With federal concerns about power plant emissions, students learn how NGS's pollution controls, such as its electrostatic precipitators, remove 99.5 percent of particulate matter, or "fly ash," from the coal that's burned, flue gas desulfurization systems - known as "scrubbers" - remove 95 percent of the sulfur dioxide, and the plant's new $45 million low-NOx burners reduce nitrogen oxide by 40 percent.
NGS conducts the Fundamentals School about twice a year. New courses are advertised throughout the Navajo Nation, Phoenix and Flagstaff.
The youngest member of the class, Myron Deel, 20, of Kaibeto, said that's where he heard about it.
"I read about it in the newspaper, the Navajo Times, and my parents told me I should give it a shot," he said.
At their recent graduation dinner, each of the students commented on the course's difficulty and the pressure they felt within themselves to succeed.
"It was intense for me, personally," said Wilson Laughter, 45, of Naschitti, N.M. "It was stressful because I have a family back home. But I'm looking forward to starting a new career. I worked for Navajo EPA for 13 years. Just like (course instructor) Tom Hull said, I want a little piece of the American dream for me and my family."
NGS Plant Manager Robert Talbot told the graduates that if they focused on working safely throughout their first year on the job, they would probably work safely throughout their careers. Salt River Project, which manages NGS, has developed a culture of safety from the newest worker to the company president.
"Making safety a habit in the first year can have long-term positive benefits," Talbot said.
Black Mesa-Lake Powell Railroad Manager David Tso said that despite more than 540 employees working at NGS, workers know each other and have a good sense of teamwork and community.
"They are around each other at work and in the community," he said. "We all shop at the Safeway and Walmart. In Phoenix, you never see your co-workers because it is so big. Try to maintain that sense of closeness throughout your careers that you've found in this class."

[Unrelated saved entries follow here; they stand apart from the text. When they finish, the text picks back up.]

(* Let $d>0$ and let $\tilde V\in C^1([-\tfrac d2,\tfrac d2])$ be even. Let $\tilde\lambda_1<\tilde\lambda_2$ be the first two eigenvalues and $\tilde\phi_1>0$ the first eigenfunction of $-\tilde u''+\tilde V\tilde u=\tilde\lambda\tilde u$ on $(-\tfrac d2,\tfrac d2)$, $\tilde u(\pm\tfrac d2)=0$. Set $\tilde\alpha:=-\sup_{\tau\in(-\frac d2,\frac d2)}(\log\tilde\phi_1)''(\tau)$. Then for every $s\in(0,1)$, $$\tilde\lambda_2-\tilde\lambda_1\ \ge\ 4s(1-s)\frac{\pi^2}{d^2}+2s\tilde\alpha,$$ and $$\tilde\lambda_2\ \ge\ (1+2s)\tilde\lambda_1+4s(1-s)\frac{\pi^2}{d^2}+2s\inf_{(-\frac d2,\frac d2)}\Big[\big(\tilde\phi_1'/\tilde\phi_1\big)^2-\tilde V\Big].$$ *)

From Stdlib Require Import Reals.
Open Scope R_scope.

Definition in_open (d x : R) : Prop := - (d / 2) < x < d / 2.
Definition in_closed (d x : R) : Prop := - (d / 2) <= x <= d / 2.

Definition is_lower_bound (E : R -> Prop) (m : R) : Prop := forall x, E x -> m <= x.
Definition is_glb (E : R -> Prop) (m : R) : Prop :=
  is_lower_bound E m /\ (forall b, is_lower_bound E b -> b <= m).

Definition Dirichlet_eigenfunction (d : R) (V : R -> R) (lam : R)
    (u u' u'' : R -> R) : Prop :=
  (forall x, in_open d x ->
     derivable_pt_lim u x (u' x) /\ derivable_pt_lim u' x (u'' x) /\
     - u'' x + V x * u x = lam * u x) /\
  (forall x, in_closed d x -> limit1_in u (in_closed d) (u x) x) /\
  u (- (d / 2)) = 0 /\ u (d / 2) = 0 /\
  (exists x, in_open d x /\ u x <> 0).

Progress, continual training and opportunity for advancement are automatically programmed into their career paths, he said.
Tso said he began his career with SRP at NGS, transferred to Phoenix to gain more experience and get his bachelor's degree, and 15 months ago moved back home to LeChee to become an NGS manager.

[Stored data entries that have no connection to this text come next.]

(* Let $f\colon\mathbb{Z}_{\ge1}\times\mathbb{Z}_{\ge1}\to\mathbb{Z}$ be any function such that for all $k,h\ge1$ every finite digraph $G$ with $\delta^+(G)\geq f(k,h)$ contains $S^-_{k,h}$ as a subgraph. Let $k\geq 1$ and $\ell\geq 2$. Then every finite digraph $G$ with $\delta^+(G)\geq f(k,3k\ell^{k+1})+2k\ell^k$ contains $T(k,\ell)$ as a subgraph.
   Context: Digraphs are finite, have no loops and no multiple copies of the same edge, but may contain two edges in opposite directions between a pair of vertices. $\delta^+(G)$ is the minimum out-degree. $S^-_{k,h}$ is the $(k-1)$-subdivision of the in-star with $h$ leaves: a centre vertex together with $h$ directed paths of length $k$ ending at the centre, pairwise sharing only the centre. (A function $f$ as in the hypothesis exists by a result of Aboulker, Cohen, Havet, Lochet, Moura and Thomassé.) $B^+_{k,\ell}$ is the complete $\ell$-ary tree of depth $k$ with all edges oriented away from the root. $T(k,\ell)$ is the oriented tree obtained from $B^+_{k,\ell}$ by identifying each leaf with the centre of a new (disjoint) copy of $S^-_{k,\ell}$. Containing a digraph as a subgraph means having a subgraph isomorphic to it. *)

From mathcomp Require Import all_boot all_order all_algebra.
Set Implicit Arguments. Unset Strict Implicit. Unset Printing Implicit Defensive.

(* Being a relation, there
   are no multiple copies of an edge; both x->y and y->x may be present. *)
Definition digraph (V : finType) (E : rel V) : Prop :=
  (forall x, ~~ E x x) /\ 0 < #|V|.

Definition outdeg (V : finType) (E : rel V) (x : V) : nat := #|[set y | E x y]|.

Definition mindeg_ge (V : finType) (E : rel V) (d : int) : Prop :=
  forall x, (d <= (outdeg E x)%:Z)%R.

Definition contains (V : finType) (E : rel V) (W : finType) (F : rel W) : Prop :=
  exists phi : W -> V, injective phi /\ forall x y, F x y -> E (phi x) (phi y).

(* S^-_{k,h}: vertex None is the centre; Some (i, j) is the vertex of the
   i-th path at distance j+1 from the centre (j < k). *)
Definition Sm_vert (k h : nat) := option ('I_h * 'I_k)%type.

Definition Sm_edge (k h : nat) : rel (Sm_vert k h) :=
  fun u v =>
    match u, v with
    | Some (i, j), Some (i', j') => (i == i') && (val j == (val j').+1)
    | Some (_, j), None => val j == 0
    | _, _ => false
    end.

(* Vertices of B^+_{k,l}: words over 'I_l of length at most k
   (the root is the empty word); the edges go from a word s to s ++ [:: a]. *)
Definition B_vert (k l : nat) := {n : 'I_k.+1 & n.-tuple 'I_l}.

Definition B_word (k l : nat) (u : B_vert k l) : seq 'I_l := val (tagged u).

Definition B_edge (k l : nat) : rel (B_vert k l) :=
  fun u v => (size (B_word v) == (size (B_word u)).+1) &&
             (B_word u == take (size (B_word u)) (B_word v)).

(* T(k,l): the tree B^+_{k,l} (inl vertices) together with, for each leaf
   t (a word of length k), a copy of S^-_{k,l} whose non-centre vertices are
   inr (t, (i, j)) and whose centre is identified with the leaf t. *)
Definition T_vert (k l : nat) :=
  (B_vert k l + (k.-tuple 'I_l * ('I_l * 'I_k)))%type.

Definition T_edge (k l : nat) : rel (T_vert k l) :=
  fun u v =>
    match u, v with
    | inl a, inl b => B_edge a b
    | inr (t, (i, j)), inr (t', (i', j')) =>
        (t == t') && (i == i') && (val j == (val j').+1)
    | inr (t, (_, j)), inl b => (val j == 0) && (B_word b == val t)
    | inl _, inr _ => false
    end.

From mathcomp Require Import all_boot all_order all_algebra zify.
Set Implicit Arguments. Unset Strict Implicit. Unset Printing Implicit Defensive.

(* Put h = 3kl^(k+1) and d = 2l^k > |B^+_{k,l}|.  Level 0 is the set of centres
   of copies of S^-_{k,h} and level i+1 the set of vertices with at least d
   out-neighbours in level i.  If level k were empty, a vertex in none of the
   levels 0..k-1 would have fewer than d out-neighbours in each of them, so such
   vertices would span a digraph of minimum out-degree f(k,h) without a centre;
   thus every vertex lies in a level below k, and since every vertex has more
   than k(d-1) out-neighbours, induction on s puts every vertex in one of the
   levels s..k-1, which is absurd for s = k.  From a vertex of level k, B^+_{k,l}
   is embedded greedily with its depth-j nodes in level k-j, so that its leaves
   are centres; each in-path at a leaf is then one of the h disjoint in-paths of
   that centre's star missing everything chosen so far, which exists because h
   exceeds the size of T(k,l). *)

Lemma card_bigcup_le (T I : finType) (P : pred I) (A : I -> {set T}) :
  #|\bigcup_(i | P i) A i| <= \sum_(i | P i) #|A i|.
Proof.
elim/big_rec2: _ => [|i U n _ IH]; first by rewrite cards0.
by apply: leq_trans (leq_card_setU _ _) _; rewrite leq_add2l.
Qed.

Lemma card_le_cover (T I : finType) (P : pred I) (A : I -> {set T}) (N : {set T}) c :
  N \subset \bigcup_(i | P i) A i -> (forall i, P i -> #|N :&: A i| <= c) ->
  #|N| <= #|I| * c.
Proof.
move=> /subsetP cover small.
have cover' : N \subset \bigcup_(i | P i) (N :&: A i).
  apply/subsetP => y yN; have /bigcupP [i Pi yA] := cover y yN.
  by apply/bigcupP; exists i; rewrite ?inE ?yN.
apply: leq_trans (subset_leq_card cover') _.
apply: leq_trans (card_bigcup_le _ _) _.
rewrite -sum1_card big_distrl big_mkcond [leqRHS]big_mkcond /=.
by apply: leq_sum => i _; case: ifP => [/small|]; rewrite ?mul1n.
Qed.

Lemma pairwise_disjoint_avoid (X T : finType) (F : X -> {set T}) (cs : {set X}) (U : {set T}) :
  {in cs &, forall x y, x != y -> [disjoint F x & F y]} ->
  #|U| < #|cs| -> exists2 x, x \in cs & [disjoint F x & U].
Proof.
move=> disF ltUcs; apply/exists_inP; apply: contraLR ltUcs => /exists_inPn meet.
rewrite -leqNgt -(card_imset U (@Some_inj _)).
pose g x := [pick v in F x :&: U].
have gP x : x \in cs -> exists2 v, g x = Some v & v \in F x :&: U.
  move=> xcs; rewrite /g; case: pickP => [v vFU|none]; first by exists v.
  by case/negP: (meet x xcs); rewrite -setI_eq0; apply/eqP/setP => v; rewrite none inE.
rewrite -(card_in_imset (f := g)).
  apply/subset_leq_card/subsetP => _ /imsetP [x xcs ->].
  by have [v -> /setIP [_ vU]] := gP x xcs; apply: imset_f.
move=> x y xcs ycs gxy; apply/eqP/negPn/negP => xy.
have [v gxv /setIP [vFx _]] := gP x xcs; have [w gyw /setIP [wFy _]] := gP y ycs.
move: gxv; rewrite gxy gyw => -[wv]; rewrite wv in wFy.
by rewrite (disjointFr (disF x y xcs ycs xy) vFx) in wFy.
Qed.

Section GreedyChoice.

Variables (W T X : finType) (x0 : X) (rank weight : W -> nat).
Variables (img : W -> X -> {set T}) (admissible : W -> (W -> X) -> X -> bool).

While mechanical ability is helpful, some students arrive with little more than a fierce determination to succeed. As the course begins, students are told to expect to have to make sacrifices in order to successfully complete it.
Joseph Claw, a 33-year-old former Marine from Chilchinbeto, said he slept in his car three nights a week for the seven weeks, eating sandwiches and showering at work to save time to study.

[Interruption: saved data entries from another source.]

Lemma empirical_df_nondecreasing w : {homo empirical_df n Y w : x y / x <= y}.
Proof.
move=> x y xy; rewrite !empirical_dfE ler_wpM2r ?invr_ge0 // ler_nat subset_leq_card //.
by apply/fintype.subsetP => i; rewrite !inE => /le_trans; apply.
Qed.

Lemma empirical_df_gap w t u : (forall i, (i < n)%N -> ~ (t < Y i w < u)) ->
  forall x, t <= x < u -> empirical_df n Y w x = empirical_df n Y w t.
Proof.
move=> noY x /andP[tx xu]; rewrite !empirical_dfE; congr (_%:R / _).
apply: eq_card => i; rewrite !inE; apply/idP/idP => [iy|/le_trans]; last exact.
rewrite leNgt; apply/negP => ti; apply: (noY i (ltn_ord i)).
by rewrite ti (le_lt_trans iy xu).
Qed.

End empirical_distribution_function.

Section pattern_events.
Context d (T : measurableType d) (R : realType) (P : probability T R).
Variables (n : nat) (Y : nat -> {RV P >-> R}) (t : R).

Definition side_set (J : {set 'I_n}) (i : 'I_n) : set R :=
  if i \in J then `]-oo, t]%classic else `]t, +oo[%classic.

(* Indexed as in [mutually_independent n Y] with [J := [set: 'I_n]]. *)
Definition pattern_event (J : {set 'I_n}) : set T :=
  \bigcap_(i in [set i | i \in [set: 'I_n]%SET]) Y i @^-1` side_set J i.

Lemma pattern_event_self w : pattern_event [set i : 'I_n | Y i w <= t]%SET w.
Proof.
move=> i _ /=; rewrite /side_set inE; case: ifPn; rewrite /= in_itv //= andbT.
by rewrite -ltNge.
Qed.

Lemma measurable_pattern_event J : measurable (pattern_event J).
Proof.
apply: fin_bigcap_measurable; first exact: finite_finset.
by move=> i _; apply: measurable_funPTI; rewrite /side_set; case: ifP.
Qed.

Lemma probability_pattern_event (p : R) (J : {set 'I_n}) : mutually_independent n Y ->
  (forall i, (i < n)%N -> P (Y i @^-1` `]-oo, t]) = p%:E) ->
  P (pattern_event J) = (p ^+ #|J| * (1 - p) ^+ (n - #|J|))%:E.
Proof.
move=> indY Yp; rewrite /pattern_event indY; last by move=> i; rewrite /side_set; case: ifP.
have side (i : 'I_n) : P (Y i @^-1` side_set J i) = (if i \in J then p else 1 - p)%:E.
  rewrite /side_set; case: ifP => _; first exact: Yp.
  have -> : Y i @^-1` `]t, +oo[ = ~` (Y i @^-1` `]-oo, t]).
    by apply/seteqP; split => w /=; rewrite !in_itv /= andbT ltNge => /negP.
  by rewrite probability_setC ?Yp //; exact: measurable_funPTI.
under eq_bigr do rewrite side.
rewrite prodEFin (eq_bigl predT) => [|i]; last by rewrite finset.in_setT.
rewrite (bigID (mem J)) /= (eq_bigr (fun=> p)) => [|i ->] //.
rewrite [X in _ * X](eq_bigl (fun i => i \in ~: J)) => [|i]; last by rewrite finset.in_setC.
rewrite [X in _ * X](eq_bigr (fun=> 1 - p)) => [|i].
  by rewrite !prodr_const cardsCs finset.setCK card_ord.
by rewrite finset.in_setC => /negbTE ->.
Qed.

Definition deviation_event (p eps : R) : set T :=
  \big[setU/set0]_(J : {set 'I_n} | eps <= `|#|J|%:R / n%:R - p|) pattern_event J.

Lemma deviation_event_empirical_df (p eps : R) w :
  eps <= `|empirical_df n Y w t - p| -> deviation_event p eps w.
Proof.
rewrite empirical_dfE => dev; rewrite /deviation_event (bigD1 _ dev) /=.
by left; exact: pattern_event_self.
Qed.

Lemma measurable_deviation_event (p eps : R) : measurable (deviation_event p eps).
Proof. by apply: bigsetU_measurable => J _; exact: measurable_pattern_event. Qed.

Lemma deviation_event_le (p eps : R) : (0 < n)%N -> 0 < eps -> 0 <= p <= 1 ->
  mutually_independent n Y -> (forall i, (i < n)%N -> P (Y i @^-1` `]-oo, t]) = p%:E) ->
  (P (deviation_event p eps) <= ((eps ^+ 4 * n%:R ^+ 2)^-1)%:E)%E.
Proof.
move=> n_gt0 eps0 /andP[p0 p1] indY Yp.
apply: le_trans (le_measure_bigsetU P _ (fun J _ => measurable_pattern_event J)) _.
pose w k := p ^+ k * (1 - p) ^+ (n - k).
rewrite (eq_bigr (fun J : {set 'I_n} => (w #|J|)%:E)) => [|J _]; last first.
  exact: probability_pattern_event.
rewrite sumEFin lee_fin.
have nR : 0 < n%:R :> R by rewrite ltr0n.
have w0 k : 0 <= w k by rewrite mulr_ge0 ?exprn_ge0 ?subr_ge0.
pose c := ((n%:R * eps) ^+ 4)^-1.
have c0 : 0 <= c by rewrite invr_ge0 exprn_ge0 // mulr_ge0 // ltW.
(* Markov's inequality for the fourth central moment of the binomial count #|J| *)
apply: (@le_trans _ _ (\sum_(J : {set 'I_n}) w #|J| * ((#|J|%:R - n%:R * p) ^+ 4 * c))).
  rewrite [leRHS](bigID (fun J : {set 'I_n} => eps <= `|#|J|%:R / n%:R - p|)) /=.
  rewrite -[leLHS]addr0; apply: lerD; last first.
    by apply: sumr_ge0 => J _; rewrite mulr_ge0 // mulr_ge0 // exprn_even_ge0.
  apply: ler_sum => J dev; rewrite ler_peMr // /c ler_pdivlMr ?exprn_gt0 ?mulr_gt0 // mul1r.
  have dev' : n%:R * eps <= `|#|J|%:R - n%:R * p|.
    rewrite (_ : _ - _ = n%:R * (#|J|%:R / n%:R - p)); last first.
      by rewrite mulrBr mulrCA divff ?mulr1 // gt_eqF.
    by rewrite normrM gtr0_norm // ler_pM2l.
  rewrite -[leRHS]ger0_norm ?exprn_even_ge0 // normrX.
  by apply: lerXn2r dev'; rewrite nnegrE ?normr_ge0 // mulr_ge0 // ltW.
rewrite (sum_set_card n (fun k => w k * ((k%:R - n%:R * p) ^+ 4 * c))).
have -> : \sum_(k < n.+1) (w k * ((k%:R - n%:R * p) ^+ 4 * c)) *+ 'C(n, k) =
    bin_expect p n (fun k => (k%:R - n%:R * p) ^+ 4) * c.
  rewrite /bin_expect mulr_suml; apply: eq_bigr => k _.
  by rewrite -mulr_natl /bin_weight /w; ring.
apply: le_trans (ler_wpM2r c0 (bin_expect_centered_pow4_le _ _)) _; first by rewrite p0.
by rewrite /c [leLHS](_ : _ = (eps ^+ 4 * n%:R ^+ 2)^-1) //; field; rewrite !gt_eqF.
Qed.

"I live two hours away from here and I couldn't afford to drive back every day and every night," he said. "It's a lot of gas money and wear and tear on myself and the vehicle. It definitely helped that I was self-motivated. Every one of us was self-motivated, otherwise we wouldn't be here right now."
At the start of the course, students are taught how to study effectively to be able to learn the huge amount of material. However, many acknowledged that the key to their success was the teamwork they developed to help each other.
By the end, students progress from learning how individual power plant systems work to understanding how they function as an interconnected whole to produce electricity.
Omar Moreno of Tucson said it took him five years to follow his father-in-law's advice to apply to the school. He said because he had a job at a car dealership, he felt no need to try.
Then the economy bottomed out, he said.
"I was a mechanic before and it's real unstable out there," he said. "You can sit at the shop for 10 hours and only make two hours worth of work."
Moreno had moved to Page and was working at the Pow Wow Trading Post when a co-worker told him about the new NGS class starting, and by then he was eager to start. He said his father-in-law, Larry Wilson, who took the same course under the same NGS instructor, Tom Hull, followed his weekly progress and was proud of his success.
Like the other graduates with families, Moreno says he's relieved to have completed the school, set himself up for a career, and prepared the path for his family of four - soon five - for a better life.
"I didn't have any benefits at all," he said. "I didn't have paid vacation. I didn't have paid sick leave. I couldn't afford the health benefits. It was over a thousand bucks a month for my family so none of that stuff was an option. So now working here, it's a big luxury."
Josh Begay, 33, said he already had a good job in Price, Utah, when he applied. Both he and his wife were fulltime students and he was set on a career track. But when he got an e-mail from his cousin saying he knew Josh always wanted to live near Lake Powell, he realized this was his opportunity for a big change.
"Here's a chance to live here, making good money, provide for your family," Begay said. "So I just decided to apply for it so we could live in Page."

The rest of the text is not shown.